(* For $k\in\mathbb N$ and $i\in\{1,2\}$ let $\mathcal E_k^i$ and $\tilde{\mathcal E}_k^i$ be the Hamiltonian vector fields of $h_k=\frac1k\Re\operatorname{tr}(J^k)$ and $\tilde h_k=\frac1k\Im\operatorname{tr}(J^k)$ with respect to $\{\ ,\ \}_i^{\mathrm{red}}$. Then $$\mathcal E_k^2[q_j]=\mathcal E_{k+1}^1[q_j]=\Re(J^k)_{jj},\qquad \mathcal E_k^2[J]=\mathcal E_{k+1}^1[J]=\tfrac12\big[R(q)(J^k+(J^k)^* )+((J^k)^*-J^k),J\big],$$ $$\tilde{\mathcal E}_k^2[q_j]=\tilde{\mathcal E}_{k+1}^1[q_j]=\Re(-\mathrm iJ^k)_{jj},\qquad \tilde{\mathcal E}_k^2[J]=\tilde{\mathcal E}_{k+1}^1[J]=\tfrac12\big[\mathrm iR(q)((J^k)^*-J^k)+\mathrm i(J^k+(J^k)^* ),J\big].$$ All these vector fields are tangent to the submanifold $\mathfrak M_{0,-}^{\mathrm{reg}}=\{(e^q,J)\in\mathfrak M_0^{\mathrm{reg}}:J^+=0\}$ and to $\mathfrak M_{0,+}^{\mathrm{reg}}=\{(e^q,J)\in\mathfrak M_0^{\mathrm{reg}}:J^-=0\}$. The restrictions $\mathcal V_k^i$ of $\mathcal E_k^i$ to $\mathfrak M_{0,-}^{\mathrm{reg}}$ satisfy $$\mathcal V_k^2[q_j]=\mathcal V_{k+1}^1[q_j]=((J^-)^k)_{jj},\qquad \mathcal V_k^2[J^-]=\mathcal V_{k+1}^1[J^-]=[R(q)(J^-)^k,J^-],$$ while the restrictions of all $\tilde{\mathcal E}_k^i$ to $\mathfrak M_{0,-}^{\mathrm{reg}}$ vanish. Denoting by $\mathcal U_k^i,\tilde{\mathcal U}_k^i$ the restrictions of $\mathcal E_k^i,\tilde{\mathcal E}_k^i$ to $\mathfrak M_{0,+}^{\mathrm{reg}}$, for all $l\in\mathbb N$: $\mathcal U^2_{2l-1}=\mathcal U^1_{2l}=0$, $\tilde{\mathcal U}^2_{2l}=\tilde{\mathcal U}^1_{2l+1}=0$, and $$\mathcal U^2_{2l}[q_j]=\mathcal U^1_{2l+1}[q_j]=\Re((J^+)^{2l})_{jj},\quad \mathcal U^2_{2l}[J^+]=\mathcal U^1_{2l+1}[J^+]=[R(q)(J^+)^{2l},J^+],$$ $$\tilde{\mathcal U}^2_{2l-1}[q_j]=\tilde{\mathcal U}^1_{2l}[q_j]=\Re(-\mathrm i(J^+)^{2l-1})_{jj},\quad \tilde{\mathcal U}^2_{2l-1}[J^+]=\tilde{\mathcal U}^1_{2l}[J^+]=[-\mathrm iR(q)(J^+)^{2l-1},J^+].$$
   Context: $\mathcal G=\mathfrak{gl}(n,\mathbb C)$ (real Lie algebra) with $\langle X,Y\rangle=\Re\operatorname{tr}(XY)$. $\mathcal G^+=\mathfrak u(n)$ (anti-Hermitian), $\mathcal G^-=\mathrm i\,\mathfrak u(n)$ (Hermitian); $X=X^++X^-$ with $X^\pm=\frac12(X\mp X^* )$; $\mathcal G^\pm_0$ are the diagonal matrices in $\mathcal G^\pm$ and $X^-_0$ denotes the diagonal part of $X^-$. $\mathfrak M_0^{\mathrm{reg}}=\{(e^q,J): J\in\mathcal G,\ q=\mathrm{diag}(q_1,\dots,q_n),\ q_i\in\mathbb R,\ q_1>\dots>q_n\}$. For $f\in C^\infty(\mathfrak M_0^{\mathrm{reg}})$: $\nabla_1f\in\mathcal G^-_0$ with $\langle\nabla_1f,X_0\rangle=\frac{d}{dt}|_0f(e^{q+tX_0},J)$ ($X_0\in\mathcal G_0^-$), $d_2f\in\mathcal G$ with $\langle d_2f,X\rangle=\frac{d}{dt}|_0f(e^q,J+tX)$, $\nabla_2f=J\,d_2f$, $\nabla_2'f=(d_2f)J$. $R(q)\in\mathrm{End}(\mathcal G)$: $(R(q)X)_{ii}=0$, $(R(q)X)_{ij}=X_{ij}\coth(q_i-q_j)$ for $i\ne j$. The following formulas define anti-symmetric bi-derivations on $C^\infty(\mathfrak M_0^{\mathrm{reg}})$ (derivatives at $(e^q,J)$): $\{f,h\}_1^{\mathrm{red}}=\langle\nabla_1f,(d_2h)^-_0\rangle-\langle\nabla_1h,(d_2f)^-_0\rangle+\langle R(q)[d_2f,J]^+,(d_2h)^-\rangle-\langle R(q)[d_2h,J]^+,(d_2f)^-\rangle+\langle J^+,[(d_2f)^-,(d_2h)^-]-[(d_2f)^+,(d_2h)^+]\rangle$; $2\{f,h\}_2^{\mathrm{red}}=\langle\nabla_1f,(\nabla_2h+\nabla_2'h)^-_0\rangle-\langle\nabla_1h,(\nabla_2f+\nabla_2'f)^-_0\rangle+\langle R(q)[d_2f,J]^+,(\nabla_2h+\nabla_2'h)^-\rangle-\langle R(q)[d_2h,J]^+,(\nabla_2f+\nabla_2'f)^-\rangle+\langle(\nabla_2f)^-,(\nabla_2'h)^-\rangle+\langle(\nabla_2'f)^+,(\nabla_2h)^+\rangle-\langle(\nabla_2'f)^-,(\nabla_2h)^-\rangle-\langle(\nabla_2f)^+,(\nabla_2'h)^+\rangle$. A vector field $\mathcal E$ on $\mathfrak M_0^{\mathrm{reg}}$ is encoded by the functions $\mathcal E[q]$ ($\mathcal G_0^-$-valued, with diagonal entries $\mathcal E[q_j]$) and $\mathcal E[J]$ ($\mathcal G$-valued), so that $\mathcal E[f]=\langle\nabla_1f,\mathcal E[q]\rangle+\langle d_2f,\mathcal E[J]\rangle$; we write $\mathcal E[J^\pm]=(\mathcal E[J])^\pm$. For a $\mathbb T^n$-invariant $h$ (invariant under $(e^q,J)\mapsto(e^q,\tau J\tau^{-1})$, $\tau$ diagonal unitary), its Hamiltonian vector field w.r.t. $\{\ ,\ \}_i^{\mathrm{red}}$ is the vector field $\mathcal E^i_h$ with $\mathcal E_h^i[f]=\{f,h\}_i^{\mathrm{red}}$ for all $f\in C^\infty(\mathfrak M_0^{\mathrm{reg}})$. *)

From HB Require Import structures.
From mathcomp Require Import all_boot all_order all_algebra.
From mathcomp Require Import all_classical all_reals all_analysis.
From mathcomp Require Import complex.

····················

## About this task:
Whenever a line of the material above contains the string "From", copy that line out.

## Solution to the exercise:
From HB Require Import structures.
From mathcomp Require Import all_boot all_order all_algebra.
From mathcomp Require Import all_classical all_reals all_analysis.
From mathcomp Require Import complex.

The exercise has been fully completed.